Kernel WORKS in Release mode, "too many resources requested for launch" in Debug mode

I have a large kernel with many input arguments and lots of processing in each thread. When I run this program in release mode (flags -O3), everything works fine, but when I run it in debug mode (flags -g -G), I get a “too many resources requested for launch” error. I am sure that I am not exceeding grid/block dimensions or shared memory limits, so I am quite sure this error is a result of register overflow.

What I don’t understand is why this only happens in debug mode and is fine in release mode. I am using CUDA-GDB within Visual Studio Code on Centos7.

Unfortunately I cannot post the code since it is classified.

Hi @will.ransom, thank you for your report!

but when I run it in debug mode (flags -g -G), I get a “too many resources requested for launch” error.

Do you see this error when you run the debug application without the debugger? Or only when the application is debugged with cuda-gdb?

so I am quite sure this error is a result of register overflow.

This is very likely the case. For release builds, compiler implements a number of optimizations, which might affect register pressure (number of live registers during program execution). E.g. register, occupied by a variable, which is no longer referenced, can be reused when program is built in release mode.

@AKravets I get this error both with and without the debugger. It happens no matter what if I compile the program without optimization.

So if this is indeed a register issue and the reason it works in release mode is because the optimization reduces register usage, is the only solution for running in debug mode to reduce the register usage of the kernel? What are the best ways to do this? Should I aim to reduce the number of input arguments, the size of the input arguments, the local memory used per thread, the number of computations per thread, or all the above?

I do not want to reduce the number of threads per block if possible since this will increase the number of times I will have to do global → shared memory copies.

Thanks for the reply!

This question might be better suited for CUDA Programming and Performance - NVIDIA Developer Forums forum branch - I have moved it there.

resource utilization (including registers used) may vary between release and debug modes.

You can inspect this yourself using -Xptxas=-v added to the nvcc compile command line.

The only direct methods I am aware of are either the -maxrregcount switch provided for nvcc which globally affects all kernels compiled by that compile command, or else the __launch_bounds__ methodology. There are many forum questions on these topics and both are documented.

-maxrregcount documentation

__launch_bounds__ documentation

If -Xptxas -v indicates a lot of spilling or high lmem usage in debug builds that is not there i release builds, I wonder whether lack of local memory could be the issue rather than running out of registers. Thread-local data “lives” in local memory by default. As an optimization the compiler tries to buffer it in registers as much and as long as possible. But observation indicates that debug builds seem to disable pretty much all optimizations.

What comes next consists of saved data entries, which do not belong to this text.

(* Let $k\ge 1$ and $\ell$ be integers with $0\le \ell\le 2k-1$. Let $G=(V,E)$ be a multigraph (loops allowed) on $n$ vertices with $kn-\ell$ edges. The following statements are equivalent: (1) $G$ is $(k,0)$-sparse; (2) there is some set of $\ell$ edges which, when added to $G$, results in a $k$-map.
   Context: Graphs are multigraphs, possibly with loops. A graph is $(k,\ell)$-sparse if no subset $V'$ of $n'$ vertices spans more than $kn'-\ell$ edges (edges with both endpoints in $V'$). A map is a graph admitting an orientation of its edges such that every vertex has out-degree exactly $1$ (a loop contributes out-degree $1$ to its vertex). A $k$-map is a graph whose edge set can be partitioned into $k$ edge-disjoint maps on the same vertex set. *)

From mathcomp Require Import all_boot all_order all_algebra.
Set Implicit Arguments. Unset Strict Implicit. Unset Printing Implicit Defensive.

(* A multigraph (loops allowed) on a finite vertex type V is given by a
   finite edge type E together with an endpoint map ends : E -> V * V.
   A loop is an edge e with (ends e).1 = (ends e).2. *)

Definition spanned (V E : finType) (ends : E -> V * V) (A : {set V}) : {set E} :=
  [set e | ((ends e).1 \in A) && ((ends e).2 \in A)].

Definition sparse (k l : nat) (V E : finType) (ends : E -> V * V) : Prop :=
  forall A : {set V},
    (#|spanned ends A|%:Z <= (k * #|A|)%:Z - l%:Z)%R.

Definition tail (V E : finType) (ends : E -> V * V) (o : E -> bool) (e : E) : V :=
  if o e then (ends e).1 else (ends e).2.

(* the subgraph with edge set S (on all of V) is a map: some orientation
   gives every vertex out-degree exactly 1 (a loop counts once) *)
Definition is_map_on (V E : finType) (ends : E -> V * V) (S : {set E}) : Prop :=
  exists o : E -> bool,
    forall v : V, #|[set e in S | tail ends o e == v]| = 1%N.

Definition is_kmap (k : nat) (V E : finType) (ends : E -> V * V) : Prop :=
  exists c : E -> 'I_k, forall i : 'I_k, is_map_on ends [set e | c e == i].

Definition add_edges (V E : finType) (l : nat) (ends : E -> V * V)
  (add : 'I_l -> V * V) : (E + 'I_l)%type -> V * V :=
  fun x => match x with inl e => ends e | inr j => add j end.

From mathcomp Require Import all_boot all_order all_algebra.
From mathcomp Require Import zify.
Set Implicit Arguments. Unset Strict Implicit. Unset Printing Implicit Defensive.

(* Both directions go through orientations.  In a map the tail of an edge
   determines it, so a map spans at most |A| edges on A and a k-map at most
   k|A|: G is (k,0)-sparse.  Conversely, by Hakimi's theorem a (k,0)-sparse
   graph has an orientation with all out-degrees at most k; adding
   k - outdeg(v) loops at each vertex v uses exactly k|V| - |E| = l new edges
   and makes every out-degree equal to k, and numbering the out-edges of each
   vertex by 'I_k splits the result into k maps. *)

Section Orientations.
Variables (V E : finType) (ends : E -> V * V).

Definition outdeg (o : E -> bool) (S : {set E}) (v : V) : nat :=
  #|[set e in S | tail ends o e == v]|.

Local Notation nspan A S := #|spanned ends A :&: S|.

Definition span_bounded (S : {set E}) (c : V -> nat) : Prop :=
  forall A : {set V}, nspan A S <= \sum_(v in A) c v.

Lemma sum_outdeg (o : E -> bool) (S : {set E}) :
  \sum_v outdeg o S v = #|S|.
Proof.
rewrite -sum1_card (partition_big (tail ends o) xpredT) //=.
by apply: eq_bigr => v _; rewrite sum1dep_card.
Qed.

Lemma outdeg_setD1 (o : E -> bool) (S : {set E}) (e : E) (v : V) :
  e \in S -> outdeg o S v = (tail ends o e == v) + outdeg o (S :\ e) v.
Proof.
move=> eS; rewrite /outdeg (cardsD1 e) !inE eS /=; congr (_ + _).
by apply: eq_card => x; rewrite !inE andbA.
Qed.

Lemma nspan_setU_setI (A B : {set V}) (S : {set E}) :
  nspan A S + nspan B S <= nspan (A :|: B) S + nspan (A :&: B) S.
Proof.
rewrite -cardsUI.
have -> : (spanned ends A :&: S) :&: (spanned ends B :&: S)
          = spanned ends (A :&: B) :&: S.
  by apply/setP=> x; rewrite !inE; do ! case: (_ \in _).
rewrite leq_add2r subset_leq_card //; apply/subsetP=> x; rewrite !inE.
by do ! case: (_ \in _).
Qed.

Lemma sum_setU_setI (c : V -> nat) (A B : {set V}) :
  \sum_(v in A :|: B) c v + \sum_(v in A :&: B) c v
  = \sum_(v in A) c v + \sum_(v in B) c v.
Proof.
rewrite !(big_mkcond (fun v => v \in _)) -!big_split /=; apply: eq_bigr => v _.
by rewrite !inE; case: (v \in A); case: (v \in B) => /=; lia.
Qed.

(* An edge e can be oriented out of one of its endpoints u without making
   a set containing u tight: two tight sets A, B blocking both endpoints
   would, by supermodularity, make A :|: B overfull once e is added back. *)
Lemma loose_endpoint (S : {set E}) (c : V -> nat) (e : E) :
  e \in S -> span_bounded S c ->
  exists b : bool, forall A : {set V},
    tail ends (fun=> b) e \in A -> nspan A (S :\ e) < \sum_(v in A) c v.
Proof.
move=> eS hS.
have [/existsP[b /forallP loose] | ] := boolP [exists b : bool,
  [forall A : {set V}, (tail ends (fun=> b) e \in A) ==>
                       (nspan A (S :\ e) < \sum_(v in A) c v)]].
  by exists b => A uA; apply: (implyP (loose A)).
rewrite negb_exists => /forallP tight.
move: (tight true) (tight false); rewrite !negb_forall.
move=> /existsP[A]; rewrite negb_imply -leqNgt => /andP[uA tightA].
move=> /existsP[B]; rewrite negb_imply -leqNgt => /andP[wB tightB].
have e_in : spanned ends (A :|: B) :&: S
            = e |: (spanned ends (A :|: B) :&: (S :\ e)).
  apply/setP=> x; rewrite !inE; case: (eqVneq x e) => [->|] //=.
  by rewrite eS andbT; move: uA wB; rewrite /tail /= => -> ->; rewrite orbT.
have := hS (A :|: B); rewrite e_in cardsU1 !inE eqxx /= andbF.
have := nspan_setU_setI A B (S :\ e); have := sum_setU_setI c A B.
have := hS (A :&: B).
have := subset_leq_card (setIS (spanned ends (A :&: B)) (subD1set S e)).
lia.
Qed.

Lemma span_bounded_setD1 (S : {set E}) (c : V -> nat) (e : E) (u : V) :
  span_bounded S c ->
  (forall A : {set V}, u \in A -> nspan A (S :\ e) < \sum_(v in A) c v) ->
  span_bounded (S :\ e) (fun v => c v - (v == u)).
Proof.
move=> hS loose A; have [uA | uNA] := boolP (u \in A).
  have cu : 0 < c u by have := loose [set u] (set11 u); rewrite big_set1; lia.
  have := loose A uA; rewrite !(bigD1 u uA (F := _ : V -> nat)) /= eqxx.
  rewrite [X in _ -> _ <= _ + X](eq_bigr c) => [|v /andP[_ /negbTE ->]].
    lia.
  exact: subn0.
rewrite (eq_bigr c) => [|v vA]; last first.
  by rewrite (_ : (v == u) = false) ?subn0 //; apply: contraNF uNA => /eqP <-.
exact: leq_trans (subset_leq_card (setIS _ (subD1set S e))) (hS A).
Qed.

Theorem hakimi_orientation (S : {set E}) (c : V -> nat) :
  span_bounded S c -> exists o : E -> bool, forall v, outdeg o S v <= c v.
Proof.
have [n] := ubnP #|S|; elim: n => // n IHn in S c * => ltSn hS.
have [-> | /set0Pn[e eS]] := eqVneq S set0.
  by exists (fun=> true) => v; rewrite /outdeg setIdE set0I cards0.
have [b loose] := loose_endpoint eS hS.
set u := tail ends (fun=> b) e in loose.
have cu : 0 < c u by have := loose [set u] (set11 u); rewrite big_set1; lia.
have [|o ho] := IHn (S :\ e) _ _ (span_bounded_setD1 hS loose).
  by move: ltSn; rewrite (cardsD1 e) eS.
pose o' x := if x == e then b else o x.
have o'_off_e : outdeg o' (S :\ e) =1 outdeg o (S :\ e).
  move=> v; apply: eq_card => x; rewrite !inE /tail /o'.
  by case: eqVneq.
exists o' => v; rewrite (outdeg_setD1 _ _ eS) o'_off_e.
have tail_e : tail ends o' e = u by rewrite /tail /o' eqxx.
have := ho v; rewrite tail_e eq_sym; case: (eqVneq v u) => [->|_]; lia.
Qed.

Lemma kmap_of_outdeg (k : nat) (o : E -> bool) :
  (forall v, outdeg o [set: E] v = k) -> is_kmap k ends.
Proof.
move=> hdeg; pose out v := enum [set x | tail ends o x == v].
have size_out v : size (out v) = k.
  by rewrite -cardE -(hdeg v); apply: eq_card => x; rewrite !inE.
have idx_lt x : index x (out (tail ends o x)) < k.
  by rewrite -(size_out (tail ends o x)) index_mem mem_enum inE.
exists (fun x => Ordinal (idx_lt x)) => i; exists o => v.
have ltik : i < size (out v) by rewrite size_out.
case: (out v) (ltik) => [|x0 _] // _.
apply/eqP/cards1P; exists (nth x0 (out v) i); apply/setP=> x; rewrite !inE.
have mem_i := mem_nth x0 ltik; rewrite mem_enum inE in mem_i.
apply/andP/eqP => [[/eqP/(congr1 val) /= <- /eqP tx] | ->].
  by rewrite tx nth_index // -tx mem_enum inE.
split; last exact: mem_i.
by apply/eqP/val_inj; rewrite /= (eqP mem_i) index_uniq ?enum_uniq.
Qed.

Lemma card_spanned_map (S : {set E}) (A : {set V}) :
  is_map_on ends S -> nspan A S <= #|A|.
Proof.
move=> [o ho]; rewrite -(card_in_imset (f := tail ends o)).
  apply/subset_leq_card/subsetP => _ /imsetP[x + ->].
  by rewrite !inE /tail => /andP[/andP[x1 x2] _]; case: (o x).
move=> x y; rewrite !inE => /andP[_ xS] /andP[_ yS] txy.
have /eqP/cards1P[w fibre_x] := ho (tail ends o x).
have : x \in [set e in S | tail ends o e == tail ends o x] by rewrite !inE xS eqxx.
have : y \in [set e in S | tail ends o e == tail ends o x] by rewrite !inE yS txy eqxx.
by rewrite fibre_x !inE => /eqP -> /eqP ->.
Qed.

Lemma card_spanned_kmap (k : nat) (A : {set V}) :
  is_kmap k ends -> #|spanned ends A| <= k * #|A|.
Proof.
move=> [c hc]; rewrite -sum1_card (partition_big c xpredT) //=.
apply: (@leq_trans (\sum_(i < k) #|A|)); last by rewrite sum_nat_const card_ord mulnC.
apply: leq_sum => i _; rewrite sum1dep_card.
apply: leq_trans (card_spanned_map A (hc i)).
by rewrite subset_leq_card //; apply/subsetP => e; rewrite !inE.
Qed.

End Orientations.

Lemma sparse0P (k : nat) (V E : finType) (ends : E -> V * V) :
  sparse k 0 ends <-> forall A, #|spanned ends A| <= k * #|A|.
Proof. by split=> h A; have := h A; rewrite GRing.subr0 lez_nat. Qed.

Lemma card_spanned_add_edges (V E : finType) (l : nat) (ends : E -> V * V)
    (add : 'I_l -> V * V) (A : {set V}) :
  #|spanned ends A| <= #|spanned (add_edges ends add) A|.
Proof.
rewrite -(card_imset _ (@inl_inj E 'I_l)) subset_leq_card //.
by apply/subsetP => _ /imsetP[e eA ->]; rewrite !inE in eA *.
Qed.

Lemma exists_fun_card_fibres (V : finType) (m : V -> nat) (l : nat) :
  \sum_v m v = l -> exists f : 'I_l -> V, forall v, #|[set j | f j == v]| = m v.
Proof.
move=> sum_m; pose s := flatten [seq nseq (m v) v | v <- enum V].
have count_s v : count_mem v s = m v.
  rewrite count_flatten -map_comp sumnE big_map big_enum /=.
  rewrite (bigD1 v) //= count_nseq /pred1 /= eqxx mul1n big1 ?addn0 // => w wv.
  by rewrite count_nseq /= (negbTE wv) mul0n.
have size_s : size s == l.
  rewrite -sum_m size_flatten /shape -map_comp sumnE big_map big_enum /=.
  by apply/eqP/eq_bigr => v _; rewrite /= size_nseq.
exists (tnth (Tuple size_s)) => v.
by rewrite -sum1dep_card -(big_tuple _ _ _ (pred1 v) (fun=> 1)) sum1_count count_s.
Qed.

Lemma add_loops_kmap (k l : nat) (V E : finType) (ends : E -> V * V) (o : E -> bool) :
  (forall v, outdeg ends o [set: E] v <= k) -> #|E| + l = k * #|V| ->
  exists add : 'I_l -> V * V, is_kmap k (add_edges ends add).
Proof.
move=> hdeg hcard; pose deficit v := k - outdeg ends o [set: E] v.
have [f fibre_f] : exists f : 'I_l -> V, forall v, #|[set j | f j == v]| = deficit v.
  apply: exists_fun_card_fibres; have := sum_outdeg ends o [set: E].
  have : \sum_v (deficit v + outdeg ends o [set: E] v) = k * #|V|.
    rewrite (eq_bigr (fun=> k)) => [|v _]; last exact: subnK.
    by rewrite sum_nat_const mulnC.
  rewrite big_split cardsT /= => sum_split sum_out; apply/eqP.
  by rewrite -(eqn_add2r #|E|) -{1}sum_out sum_split addnC hcard.
exists (fun j => (f j, f j)).
pose o' (x : E + 'I_l) := if x is inl e then o e else true.
apply: (kmap_of_outdeg (o := o')) => v.
rewrite /outdeg setIdE setTI -sum1dep_card big_sumType /= !sum1dep_card fibre_f.
have -> : #|[set e | tail ends o e == v]| = outdeg ends o [set: E] v.
  by rewrite /outdeg setIdE setTI.
by rewrite subnKC.
Qed.

Theorem theorem2 (k l : nat) (V E : finType) (ends : E -> V * V) :
  (1 <= k)%N -> (l <= 2 * k - 1)%N ->
  (#|E| + l = k * #|V|)%N ->
  (sparse k 0 ends <->
   exists add : 'I_l -> V * V, is_kmap k (add_edges ends add)).
Proof.
move=> _ _ hcard; rewrite sparse0P; split.
  move=> hsp; have [|o ho] := @hakimi_orientation _ _ ends [set: E] (fun=> k).
    by move=> A; rewrite setIT sum_nat_const mulnC.
  exact: add_loops_kmap ho hcard.
move=> [add hk] A.
exact: leq_trans (card_spanned_add_edges ends add A) (card_spanned_kmap A hk).
Qed.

The “too many registers used” hypothesis may be testable in slightly more detail in conjunction with the -Xptxas -v flag. In release builds, when the ptxas optimization level is reduced step by step, does the same issue appear? That is, lowering from the default-Xptxas -O3 down to -Xptxas -O0. My observation is that debug builds use something worse than -O0, i.e. something that looks like “active pessimization”, presumably to make all variables easily accessible in a debugger.

Does the code contain many common sub-expressions that do not get eliminated by CSE (common subexpression elimination) in debug builds, because in these all optimizations are turned off? This might be caused by using numerous or nested macro expansions, for example. In that case source-level elimination of common subexpressions and manual creation of temporary variables may help.

I am not sure how the compiler handles function inlining in debug builds vs release builds, but that can also influence register usage. It might be interesting to observe the register pressure changes from adding __noinline__ and __forceinline__ attributes to some key functions. Maybe there is a function that, when inlined, really drives up register pressure, but where the positive performance benefit of inlining is small in release builds.

The gist of what I am saying is that there may be relatively simple source code transformations that do not reduce the performance and maintainability of the code, but help with the debug build issue. Without seeing the code it is hard to come up with specific recommendations of what to try, so experimenting with changes while keeping an eye on the output from -Xptxas -v would be the way forward.

1 Like

I agree, and don’t know the answer. There is not enough info here to do much diagnosis, but I probably should not have “shrunk the focus” onto just register usage.